(Dataset records)

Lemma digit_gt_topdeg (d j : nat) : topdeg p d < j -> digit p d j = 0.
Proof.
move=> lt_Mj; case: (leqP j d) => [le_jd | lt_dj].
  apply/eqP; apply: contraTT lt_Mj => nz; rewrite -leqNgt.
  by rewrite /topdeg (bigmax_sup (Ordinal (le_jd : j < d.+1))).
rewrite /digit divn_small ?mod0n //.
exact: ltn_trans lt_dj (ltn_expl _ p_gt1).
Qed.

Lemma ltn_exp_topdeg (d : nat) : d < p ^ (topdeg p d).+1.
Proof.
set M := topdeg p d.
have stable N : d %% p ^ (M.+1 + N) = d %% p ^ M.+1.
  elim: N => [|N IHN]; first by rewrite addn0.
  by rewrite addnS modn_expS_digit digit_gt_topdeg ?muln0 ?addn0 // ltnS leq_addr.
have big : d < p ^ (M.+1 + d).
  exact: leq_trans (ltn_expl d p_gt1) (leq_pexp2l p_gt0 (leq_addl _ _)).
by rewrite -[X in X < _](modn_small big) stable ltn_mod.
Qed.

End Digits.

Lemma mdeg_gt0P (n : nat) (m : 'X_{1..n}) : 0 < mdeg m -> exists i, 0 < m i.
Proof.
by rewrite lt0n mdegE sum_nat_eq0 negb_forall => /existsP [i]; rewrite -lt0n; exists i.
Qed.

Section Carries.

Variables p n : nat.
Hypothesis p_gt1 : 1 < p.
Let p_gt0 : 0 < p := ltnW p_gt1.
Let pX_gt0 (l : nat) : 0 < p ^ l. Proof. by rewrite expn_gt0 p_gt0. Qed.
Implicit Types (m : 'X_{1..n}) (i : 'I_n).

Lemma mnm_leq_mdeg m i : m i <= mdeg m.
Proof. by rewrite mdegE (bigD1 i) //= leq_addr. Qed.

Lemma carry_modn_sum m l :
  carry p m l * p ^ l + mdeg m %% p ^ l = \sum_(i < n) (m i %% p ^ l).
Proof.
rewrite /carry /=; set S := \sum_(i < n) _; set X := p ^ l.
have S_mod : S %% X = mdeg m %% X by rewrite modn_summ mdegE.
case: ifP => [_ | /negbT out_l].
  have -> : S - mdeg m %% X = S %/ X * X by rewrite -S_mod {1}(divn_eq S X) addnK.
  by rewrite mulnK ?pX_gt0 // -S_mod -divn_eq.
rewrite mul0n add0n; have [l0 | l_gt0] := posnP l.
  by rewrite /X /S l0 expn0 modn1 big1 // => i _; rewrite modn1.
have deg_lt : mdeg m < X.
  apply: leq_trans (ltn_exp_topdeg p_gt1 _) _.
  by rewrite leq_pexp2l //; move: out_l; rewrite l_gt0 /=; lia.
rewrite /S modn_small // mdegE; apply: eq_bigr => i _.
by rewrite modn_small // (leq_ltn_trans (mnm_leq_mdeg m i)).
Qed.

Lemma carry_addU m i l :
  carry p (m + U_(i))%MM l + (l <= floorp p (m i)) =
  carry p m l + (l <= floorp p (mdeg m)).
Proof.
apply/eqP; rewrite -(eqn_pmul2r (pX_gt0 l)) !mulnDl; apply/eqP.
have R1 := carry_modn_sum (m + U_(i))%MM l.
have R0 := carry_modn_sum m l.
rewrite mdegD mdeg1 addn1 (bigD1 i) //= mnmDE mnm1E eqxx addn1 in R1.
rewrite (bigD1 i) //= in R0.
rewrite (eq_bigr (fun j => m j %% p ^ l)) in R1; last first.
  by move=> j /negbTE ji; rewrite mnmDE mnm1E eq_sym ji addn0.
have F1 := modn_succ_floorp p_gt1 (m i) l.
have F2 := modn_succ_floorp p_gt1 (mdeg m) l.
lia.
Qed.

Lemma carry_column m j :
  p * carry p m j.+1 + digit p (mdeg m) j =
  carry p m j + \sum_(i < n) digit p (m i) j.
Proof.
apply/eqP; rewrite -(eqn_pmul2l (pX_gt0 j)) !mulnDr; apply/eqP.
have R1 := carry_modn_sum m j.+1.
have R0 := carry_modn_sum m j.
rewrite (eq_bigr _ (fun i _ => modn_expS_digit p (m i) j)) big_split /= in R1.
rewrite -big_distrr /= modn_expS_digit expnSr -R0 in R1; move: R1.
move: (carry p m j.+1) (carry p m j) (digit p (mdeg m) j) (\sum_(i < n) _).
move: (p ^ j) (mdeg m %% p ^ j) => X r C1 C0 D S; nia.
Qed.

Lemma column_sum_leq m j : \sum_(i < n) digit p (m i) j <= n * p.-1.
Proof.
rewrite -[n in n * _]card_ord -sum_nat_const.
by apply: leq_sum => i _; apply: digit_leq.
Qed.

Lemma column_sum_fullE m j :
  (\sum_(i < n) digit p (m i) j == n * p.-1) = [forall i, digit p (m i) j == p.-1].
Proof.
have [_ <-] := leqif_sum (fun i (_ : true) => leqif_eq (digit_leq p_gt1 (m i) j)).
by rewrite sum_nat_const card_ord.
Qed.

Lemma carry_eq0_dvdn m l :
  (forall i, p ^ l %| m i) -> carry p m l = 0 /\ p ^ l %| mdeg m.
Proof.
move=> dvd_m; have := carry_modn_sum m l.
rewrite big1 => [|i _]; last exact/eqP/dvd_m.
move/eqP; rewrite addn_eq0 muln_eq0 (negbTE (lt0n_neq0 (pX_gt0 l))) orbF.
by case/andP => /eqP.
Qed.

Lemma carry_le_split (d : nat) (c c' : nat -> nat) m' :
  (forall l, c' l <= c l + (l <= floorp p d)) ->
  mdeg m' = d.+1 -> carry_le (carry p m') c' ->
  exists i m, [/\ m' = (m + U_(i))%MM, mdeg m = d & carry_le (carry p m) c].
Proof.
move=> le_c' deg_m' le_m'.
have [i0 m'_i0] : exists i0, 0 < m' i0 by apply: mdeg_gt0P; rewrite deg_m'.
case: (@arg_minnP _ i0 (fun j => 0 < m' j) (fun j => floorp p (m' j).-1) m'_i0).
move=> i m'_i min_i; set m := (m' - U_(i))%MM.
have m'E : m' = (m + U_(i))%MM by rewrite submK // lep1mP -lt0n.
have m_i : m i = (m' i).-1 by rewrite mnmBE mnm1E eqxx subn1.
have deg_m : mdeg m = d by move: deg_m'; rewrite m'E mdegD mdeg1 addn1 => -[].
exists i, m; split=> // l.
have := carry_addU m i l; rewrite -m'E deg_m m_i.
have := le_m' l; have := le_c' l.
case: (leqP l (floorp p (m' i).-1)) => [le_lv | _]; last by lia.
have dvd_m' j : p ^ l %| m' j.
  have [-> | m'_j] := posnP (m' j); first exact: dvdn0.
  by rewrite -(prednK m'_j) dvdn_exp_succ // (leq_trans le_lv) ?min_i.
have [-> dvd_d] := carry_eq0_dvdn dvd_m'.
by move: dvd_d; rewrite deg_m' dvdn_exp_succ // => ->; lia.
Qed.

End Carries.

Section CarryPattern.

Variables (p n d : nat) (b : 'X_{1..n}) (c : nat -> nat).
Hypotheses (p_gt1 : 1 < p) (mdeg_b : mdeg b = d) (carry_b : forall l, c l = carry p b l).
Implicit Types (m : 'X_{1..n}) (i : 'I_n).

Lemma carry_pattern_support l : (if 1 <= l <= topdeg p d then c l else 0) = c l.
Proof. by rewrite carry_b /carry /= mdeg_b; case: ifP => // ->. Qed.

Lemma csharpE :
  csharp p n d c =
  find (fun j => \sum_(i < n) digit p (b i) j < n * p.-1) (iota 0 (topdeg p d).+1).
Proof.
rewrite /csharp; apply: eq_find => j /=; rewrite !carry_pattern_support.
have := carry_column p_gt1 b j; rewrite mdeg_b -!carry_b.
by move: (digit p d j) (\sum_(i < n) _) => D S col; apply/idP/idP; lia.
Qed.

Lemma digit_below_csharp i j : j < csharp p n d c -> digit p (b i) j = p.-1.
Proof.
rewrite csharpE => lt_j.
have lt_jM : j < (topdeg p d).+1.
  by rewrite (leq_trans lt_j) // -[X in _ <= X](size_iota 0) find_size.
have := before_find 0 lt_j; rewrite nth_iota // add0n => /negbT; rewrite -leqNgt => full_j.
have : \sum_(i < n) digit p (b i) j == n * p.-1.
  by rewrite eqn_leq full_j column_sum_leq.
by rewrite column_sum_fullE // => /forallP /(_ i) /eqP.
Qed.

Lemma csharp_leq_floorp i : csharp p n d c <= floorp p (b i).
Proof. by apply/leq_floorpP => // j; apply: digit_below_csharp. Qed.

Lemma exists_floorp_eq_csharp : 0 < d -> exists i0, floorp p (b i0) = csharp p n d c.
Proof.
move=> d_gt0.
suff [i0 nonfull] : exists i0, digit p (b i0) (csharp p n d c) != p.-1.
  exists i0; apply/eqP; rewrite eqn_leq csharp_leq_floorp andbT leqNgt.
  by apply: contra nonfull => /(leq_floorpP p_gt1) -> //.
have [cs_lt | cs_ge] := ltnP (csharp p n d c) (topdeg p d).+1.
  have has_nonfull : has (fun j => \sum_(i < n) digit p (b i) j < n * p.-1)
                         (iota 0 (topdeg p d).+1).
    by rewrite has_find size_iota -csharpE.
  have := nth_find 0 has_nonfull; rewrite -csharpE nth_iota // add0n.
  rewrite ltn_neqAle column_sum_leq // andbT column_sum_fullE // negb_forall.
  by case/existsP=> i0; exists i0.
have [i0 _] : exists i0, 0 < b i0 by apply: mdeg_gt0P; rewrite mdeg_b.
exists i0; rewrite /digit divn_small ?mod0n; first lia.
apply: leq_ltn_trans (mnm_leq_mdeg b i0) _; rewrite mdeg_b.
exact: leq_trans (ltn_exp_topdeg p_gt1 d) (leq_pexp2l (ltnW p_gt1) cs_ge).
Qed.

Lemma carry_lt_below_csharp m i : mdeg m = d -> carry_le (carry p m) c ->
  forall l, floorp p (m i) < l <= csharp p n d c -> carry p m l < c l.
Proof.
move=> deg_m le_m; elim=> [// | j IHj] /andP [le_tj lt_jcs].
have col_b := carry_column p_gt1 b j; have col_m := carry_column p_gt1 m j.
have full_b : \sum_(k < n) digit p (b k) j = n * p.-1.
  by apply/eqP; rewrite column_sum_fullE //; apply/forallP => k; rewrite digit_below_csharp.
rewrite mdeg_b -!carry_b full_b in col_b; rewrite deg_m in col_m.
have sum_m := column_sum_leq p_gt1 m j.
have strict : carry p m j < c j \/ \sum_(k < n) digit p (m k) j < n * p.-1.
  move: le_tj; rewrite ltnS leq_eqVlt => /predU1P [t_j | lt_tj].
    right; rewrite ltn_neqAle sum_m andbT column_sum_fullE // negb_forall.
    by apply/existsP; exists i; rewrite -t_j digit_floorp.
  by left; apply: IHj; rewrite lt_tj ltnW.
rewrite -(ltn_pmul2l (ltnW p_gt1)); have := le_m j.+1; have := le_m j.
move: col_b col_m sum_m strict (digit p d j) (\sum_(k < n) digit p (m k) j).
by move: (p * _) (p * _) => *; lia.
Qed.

Your instructions:
One stretch of the lines above is wanted, from the line that contains "(forall l, c'" through the line that contains "exists i, m; split=> // l.". Output it exactly.

Result of the exercise:
  (forall l, c' l <= c l + (l <= floorp p d)) ->
  mdeg m' = d.+1 -> carry_le (carry p m') c' ->
  exists i m, [/\ m' = (m + U_(i))%MM, mdeg m = d & carry_le (carry p m) c].
Proof.
move=> le_c' deg_m' le_m'.
have [i0 m'_i0] : exists i0, 0 < m' i0 by apply: mdeg_gt0P; rewrite deg_m'.
case: (@arg_minnP _ i0 (fun j => 0 < m' j) (fun j => floorp p (m' j).-1) m'_i0).
move=> i m'_i min_i; set m := (m' - U_(i))%MM.
have m'E : m' = (m + U_(i))%MM by rewrite submK // lep1mP -lt0n.
have m_i : m i = (m' i).-1 by rewrite mnmBE mnm1E eqxx subn1.
have deg_m : mdeg m = d by move: deg_m'; rewrite m'E mdegD mdeg1 addn1 => -[].
exists i, m; split=> // l.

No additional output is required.